**Exercise inputs:**

_ _ _ _ _ _ _

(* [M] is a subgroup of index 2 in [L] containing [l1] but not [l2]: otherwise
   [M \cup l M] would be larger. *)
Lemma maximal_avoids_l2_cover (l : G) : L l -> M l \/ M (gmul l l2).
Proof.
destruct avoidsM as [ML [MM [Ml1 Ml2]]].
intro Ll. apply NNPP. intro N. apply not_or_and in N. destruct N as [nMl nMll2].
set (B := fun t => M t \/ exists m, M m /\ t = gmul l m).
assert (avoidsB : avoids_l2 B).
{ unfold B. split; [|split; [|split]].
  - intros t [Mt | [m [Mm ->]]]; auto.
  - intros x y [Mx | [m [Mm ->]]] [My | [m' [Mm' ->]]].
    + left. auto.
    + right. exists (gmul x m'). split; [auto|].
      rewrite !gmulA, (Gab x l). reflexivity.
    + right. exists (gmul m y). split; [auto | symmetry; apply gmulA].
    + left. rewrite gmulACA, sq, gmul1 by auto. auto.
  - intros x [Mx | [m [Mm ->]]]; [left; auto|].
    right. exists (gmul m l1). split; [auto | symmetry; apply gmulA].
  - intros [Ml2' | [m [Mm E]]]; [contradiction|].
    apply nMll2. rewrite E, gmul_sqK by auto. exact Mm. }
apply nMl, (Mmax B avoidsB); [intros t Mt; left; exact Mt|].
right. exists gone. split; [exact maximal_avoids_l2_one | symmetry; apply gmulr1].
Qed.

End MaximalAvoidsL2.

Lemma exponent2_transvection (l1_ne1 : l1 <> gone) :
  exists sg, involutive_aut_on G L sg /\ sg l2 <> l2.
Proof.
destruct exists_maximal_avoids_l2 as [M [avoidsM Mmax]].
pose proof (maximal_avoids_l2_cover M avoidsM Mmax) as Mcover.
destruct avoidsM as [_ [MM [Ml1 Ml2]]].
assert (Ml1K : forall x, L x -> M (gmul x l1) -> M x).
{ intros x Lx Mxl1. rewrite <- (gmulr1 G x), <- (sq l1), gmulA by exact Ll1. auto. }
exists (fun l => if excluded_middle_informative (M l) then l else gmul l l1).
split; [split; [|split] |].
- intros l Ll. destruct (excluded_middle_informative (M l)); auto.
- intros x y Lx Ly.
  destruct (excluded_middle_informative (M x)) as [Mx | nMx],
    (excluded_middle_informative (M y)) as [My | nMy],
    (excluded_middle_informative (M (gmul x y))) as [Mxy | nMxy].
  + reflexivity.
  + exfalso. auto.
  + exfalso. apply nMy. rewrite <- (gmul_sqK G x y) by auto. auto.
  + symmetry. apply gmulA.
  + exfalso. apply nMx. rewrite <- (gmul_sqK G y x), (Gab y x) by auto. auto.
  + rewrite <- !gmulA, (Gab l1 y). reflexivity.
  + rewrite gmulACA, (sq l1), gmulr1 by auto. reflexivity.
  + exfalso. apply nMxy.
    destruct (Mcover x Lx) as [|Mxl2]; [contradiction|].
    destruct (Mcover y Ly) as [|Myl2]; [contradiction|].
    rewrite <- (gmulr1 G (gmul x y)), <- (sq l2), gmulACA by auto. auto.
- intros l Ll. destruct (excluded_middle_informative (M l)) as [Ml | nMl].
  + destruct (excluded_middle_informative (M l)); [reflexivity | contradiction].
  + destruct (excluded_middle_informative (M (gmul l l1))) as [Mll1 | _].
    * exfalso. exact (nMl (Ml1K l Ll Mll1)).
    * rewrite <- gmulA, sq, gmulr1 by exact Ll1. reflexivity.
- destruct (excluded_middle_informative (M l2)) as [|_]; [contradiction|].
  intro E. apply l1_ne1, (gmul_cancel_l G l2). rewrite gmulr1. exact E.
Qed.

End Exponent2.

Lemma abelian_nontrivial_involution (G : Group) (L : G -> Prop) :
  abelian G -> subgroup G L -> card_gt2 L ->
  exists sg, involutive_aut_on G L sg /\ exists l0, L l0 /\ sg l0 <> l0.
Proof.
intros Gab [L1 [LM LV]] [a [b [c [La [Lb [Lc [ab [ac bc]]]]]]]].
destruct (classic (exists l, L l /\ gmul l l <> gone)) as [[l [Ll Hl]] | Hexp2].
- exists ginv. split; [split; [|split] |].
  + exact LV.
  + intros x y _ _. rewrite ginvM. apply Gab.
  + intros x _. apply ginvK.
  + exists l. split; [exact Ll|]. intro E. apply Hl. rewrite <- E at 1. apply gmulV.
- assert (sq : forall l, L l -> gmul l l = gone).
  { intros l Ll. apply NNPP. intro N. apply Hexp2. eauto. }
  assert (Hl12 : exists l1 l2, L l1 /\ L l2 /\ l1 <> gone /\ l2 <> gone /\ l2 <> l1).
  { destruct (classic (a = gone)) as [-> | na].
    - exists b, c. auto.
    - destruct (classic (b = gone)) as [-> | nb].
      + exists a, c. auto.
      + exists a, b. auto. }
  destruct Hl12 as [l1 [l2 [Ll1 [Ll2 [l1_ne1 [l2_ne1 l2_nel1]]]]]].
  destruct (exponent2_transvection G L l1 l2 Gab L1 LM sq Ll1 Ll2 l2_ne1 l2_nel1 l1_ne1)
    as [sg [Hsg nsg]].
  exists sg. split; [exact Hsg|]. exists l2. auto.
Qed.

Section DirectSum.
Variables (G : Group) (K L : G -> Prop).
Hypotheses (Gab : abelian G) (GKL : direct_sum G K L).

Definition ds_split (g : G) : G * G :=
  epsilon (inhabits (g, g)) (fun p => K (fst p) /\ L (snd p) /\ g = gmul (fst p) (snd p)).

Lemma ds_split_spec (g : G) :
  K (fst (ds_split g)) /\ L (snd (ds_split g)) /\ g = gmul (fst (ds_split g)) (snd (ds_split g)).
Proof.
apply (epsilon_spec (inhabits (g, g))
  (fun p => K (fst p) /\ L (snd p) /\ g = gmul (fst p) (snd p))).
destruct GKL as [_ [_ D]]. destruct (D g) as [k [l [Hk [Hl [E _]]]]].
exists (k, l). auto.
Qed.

_ _ _ _ _ _ _

Take each record above and return it verbatim.

(* [M] is a subgroup of index 2 in [L] containing [l1] but not [l2]: otherwise
   [M \cup l M] would be larger. *)
Lemma maximal_avoids_l2_cover (l : G) : L l -> M l \/ M (gmul l l2).
Proof.
destruct avoidsM as [ML [MM [Ml1 Ml2]]].
intro Ll. apply NNPP. intro N. apply not_or_and in N. destruct N as [nMl nMll2].
set (B := fun t => M t \/ exists m, M m /\ t = gmul l m).
assert (avoidsB : avoids_l2 B).
{ unfold B. split; [|split; [|split]].
  - intros t [Mt | [m [Mm ->]]]; auto.
  - intros x y [Mx | [m [Mm ->]]] [My | [m' [Mm' ->]]].
    + left. auto.
    + right. exists (gmul x m'). split; [auto|].
      rewrite !gmulA, (Gab x l). reflexivity.
    + right. exists (gmul m y). split; [auto | symmetry; apply gmulA].
    + left. rewrite gmulACA, sq, gmul1 by auto. auto.
  - intros x [Mx | [m [Mm ->]]]; [left; auto|].
    right. exists (gmul m l1). split; [auto | symmetry; apply gmulA].
  - intros [Ml2' | [m [Mm E]]]; [contradiction|].
    apply nMll2. rewrite E, gmul_sqK by auto. exact Mm. }
apply nMl, (Mmax B avoidsB); [intros t Mt; left; exact Mt|].
right. exists gone. split; [exact maximal_avoids_l2_one | symmetry; apply gmulr1].
Qed.

End MaximalAvoidsL2.

Lemma exponent2_transvection (l1_ne1 : l1 <> gone) :
  exists sg, involutive_aut_on G L sg /\ sg l2 <> l2.
Proof.
destruct exists_maximal_avoids_l2 as [M [avoidsM Mmax]].
pose proof (maximal_avoids_l2_cover M avoidsM Mmax) as Mcover.
destruct avoidsM as [_ [MM [Ml1 Ml2]]].
assert (Ml1K : forall x, L x -> M (gmul x l1) -> M x).
{ intros x Lx Mxl1. rewrite <- (gmulr1 G x), <- (sq l1), gmulA by exact Ll1. auto. }
exists (fun l => if excluded_middle_informative (M l) then l else gmul l l1).
split; [split; [|split] |].
- intros l Ll. destruct (excluded_middle_informative (M l)); auto.
- intros x y Lx Ly.
  destruct (excluded_middle_informative (M x)) as [Mx | nMx],
    (excluded_middle_informative (M y)) as [My | nMy],
    (excluded_middle_informative (M (gmul x y))) as [Mxy | nMxy].
  + reflexivity.
  + exfalso. auto.
  + exfalso. apply nMy. rewrite <- (gmul_sqK G x y) by auto. auto.
  + symmetry. apply gmulA.
  + exfalso. apply nMx. rewrite <- (gmul_sqK G y x), (Gab y x) by auto. auto.
  + rewrite <- !gmulA, (Gab l1 y). reflexivity.
  + rewrite gmulACA, (sq l1), gmulr1 by auto. reflexivity.
  + exfalso. apply nMxy.
    destruct (Mcover x Lx) as [|Mxl2]; [contradiction|].
    destruct (Mcover y Ly) as [|Myl2]; [contradiction|].
    rewrite <- (gmulr1 G (gmul x y)), <- (sq l2), gmulACA by auto. auto.
- intros l Ll. destruct (excluded_middle_informative (M l)) as [Ml | nMl].
  + destruct (excluded_middle_informative (M l)); [reflexivity | contradiction].
  + destruct (excluded_middle_informative (M (gmul l l1))) as [Mll1 | _].
    * exfalso. exact (nMl (Ml1K l Ll Mll1)).
    * rewrite <- gmulA, sq, gmulr1 by exact Ll1. reflexivity.
- destruct (excluded_middle_informative (M l2)) as [|_]; [contradiction|].
  intro E. apply l1_ne1, (gmul_cancel_l G l2). rewrite gmulr1. exact E.
Qed.

End Exponent2.

Lemma abelian_nontrivial_involution (G : Group) (L : G -> Prop) :
  abelian G -> subgroup G L -> card_gt2 L ->
  exists sg, involutive_aut_on G L sg /\ exists l0, L l0 /\ sg l0 <> l0.
Proof.
intros Gab [L1 [LM LV]] [a [b [c [La [Lb [Lc [ab [ac bc]]]]]]]].
destruct (classic (exists l, L l /\ gmul l l <> gone)) as [[l [Ll Hl]] | Hexp2].
- exists ginv. split; [split; [|split] |].
  + exact LV.
  + intros x y _ _. rewrite ginvM. apply Gab.
  + intros x _. apply ginvK.
  + exists l. split; [exact Ll|]. intro E. apply Hl. rewrite <- E at 1. apply gmulV.
- assert (sq : forall l, L l -> gmul l l = gone).
  { intros l Ll. apply NNPP. intro N. apply Hexp2. eauto. }
  assert (Hl12 : exists l1 l2, L l1 /\ L l2 /\ l1 <> gone /\ l2 <> gone /\ l2 <> l1).
  { destruct (classic (a = gone)) as [-> | na].
    - exists b, c. auto.
    - destruct (classic (b = gone)) as [-> | nb].
      + exists a, c. auto.
      + exists a, b. auto. }
  destruct Hl12 as [l1 [l2 [Ll1 [Ll2 [l1_ne1 [l2_ne1 l2_nel1]]]]]].
  destruct (exponent2_transvection G L l1 l2 Gab L1 LM sq Ll1 Ll2 l2_ne1 l2_nel1 l1_ne1)
    as [sg [Hsg nsg]].
  exists sg. split; [exact Hsg|]. exists l2. auto.
Qed.

Section DirectSum.
Variables (G : Group) (K L : G -> Prop).
Hypotheses (Gab : abelian G) (GKL : direct_sum G K L).

Definition ds_split (g : G) : G * G :=
  epsilon (inhabits (g, g)) (fun p => K (fst p) /\ L (snd p) /\ g = gmul (fst p) (snd p)).

Lemma ds_split_spec (g : G) :
  K (fst (ds_split g)) /\ L (snd (ds_split g)) /\ g = gmul (fst (ds_split g)) (snd (ds_split g)).
Proof.
apply (epsilon_spec (inhabits (g, g))
  (fun p => K (fst p) /\ L (snd p) /\ g = gmul (fst p) (snd p))).
destruct GKL as [_ [_ D]]. destruct (D g) as [k [l [Hk [Hl [E _]]]]].
exists (k, l). auto.
Qed.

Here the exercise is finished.